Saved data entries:
╭──
Lemma nred_cycle3 (s : {perm T}) a b d : a != b -> a != d -> b != d ->
  nred c (tperm a b * tperm a d * s) + (c a (s a) + c b (s b) + c d (s d)) =
  nred c s + (c a (s b) + c b (s d) + c d (s a)).
Proof.
move=> ab ad bd; set A := [set a; b; d].
have pA : perm_on A (tperm a b * tperm a d)%g.
  apply: perm_onM; apply: subset_trans (tperm_on _ _) _;
    by apply/subsetP => x; rewrite !inE => /orP[] ->; rewrite ?orbT.
have aNA : a \notin [set b; d] by rewrite !inE negb_or ab ad.
have bNd : b \notin [set d] by rewrite inE.
have := nred_perm_on s pA; rewrite /A -setUA !big_setU1 //= !big_set1 !permM.
rewrite tpermL (tpermD ab) 1?eq_sym // tpermR tpermL (tpermD ad bd) tpermR.
by rewrite !addnA.
Qed.

End RedEdges.

Section Balanced.
Variables (n : nat) (c : 'I_(2 * n) -> 'I_(2 * n) -> bool).
Hypothesis bal : balanced c.

Lemma card_red_row i : #|[set j | c i j]| = n. Proof. by case: bal => /(_ i)[]. Qed.
Lemma card_blue_row i : #|[set j | ~~ c i j]| = n. Proof. by case: bal => /(_ i)[]. Qed.
Lemma card_red_col j : #|[set i | c i j]| = n. Proof. by case: bal => _ /(_ j)[]. Qed.
Lemma card_blue_col j : #|[set i | ~~ c i j]| = n. Proof. by case: bal => _ /(_ j)[]. Qed.

Lemma balancedN : balanced (fun i j => ~~ c i j).
Proof.
have negbK_set (P : pred 'I_(2 * n)) : [set x | ~~ ~~ P x] = [set x | P x].
  by apply/setP => x; rewrite !inE negbK.
split=> x; rewrite negbK_set.
- by rewrite card_blue_row card_red_row.
- by rewrite card_blue_col card_red_col.
Qed.

Lemma nred_descent s : 0 < nred c s -> exists t, nred c t < nred c s <= (nred c t).+2.
Proof.
move=> /card_gt0P[q]; rewrite inE => red_q.
set S := [set r | ~~ c q (s r)]; set U := [set r | ~~ c r (s q)].
have cardS : #|S| = n by rewrite (card_set_perm (fun j => ~~ c q j)) card_blue_row.
have cardU : #|U| = n by rewrite card_blue_col.
have SU_q : S :|: U \subset [set~ q].
  by apply/subsetP => r; rewrite !inE; apply: contraL => /eqP ->; rewrite red_q.
have [r] : exists r, r \in S :&: U.
  apply/card_gt0P; have := subset_leq_card SU_q; have := cardsUI S U.
  by rewrite cardsC1 card_ord cardS cardU; have := ltn_ord q; lia.
rewrite !inE => /andP[blue_qr blue_rq].
have qr : q != r by apply: contraNneq blue_qr => <-.
exists (tperm q r * s)%g; have := nred_tperm c s qr.
by rewrite red_q (negbTE blue_qr) (negbTE blue_rq); case: (c r (s r)) => /=; lia.
Qed.

Lemma exists_nred0 : exists s, nred c s = 0.
Proof.
have [s _ s_min] := @arg_minnP _ 1%g predT (nred c) isT.
exists s; case: (posnP (nred c s)) => // /nred_descent[t /andP[lt_ts _]].
by have := s_min t isT; lia.
Qed.

End Balanced.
╰──
Problem —
Using the entries above, return exactly the lines from the line with "split=> x; rewrite negbK_set." to the line with "have cardU : #|U|", counting both of those lines.

Exercise solution —
split=> x; rewrite negbK_set.
- by rewrite card_blue_row card_red_row.
- by rewrite card_blue_col card_red_col.
Qed.

Lemma nred_descent s : 0 < nred c s -> exists t, nred c t < nred c s <= (nred c t).+2.
Proof.
move=> /card_gt0P[q]; rewrite inE => red_q.
set S := [set r | ~~ c q (s r)]; set U := [set r | ~~ c r (s q)].
have cardS : #|S| = n by rewrite (card_set_perm (fun j => ~~ c q j)) card_blue_row.
have cardU : #|U| = n by rewrite card_blue_col.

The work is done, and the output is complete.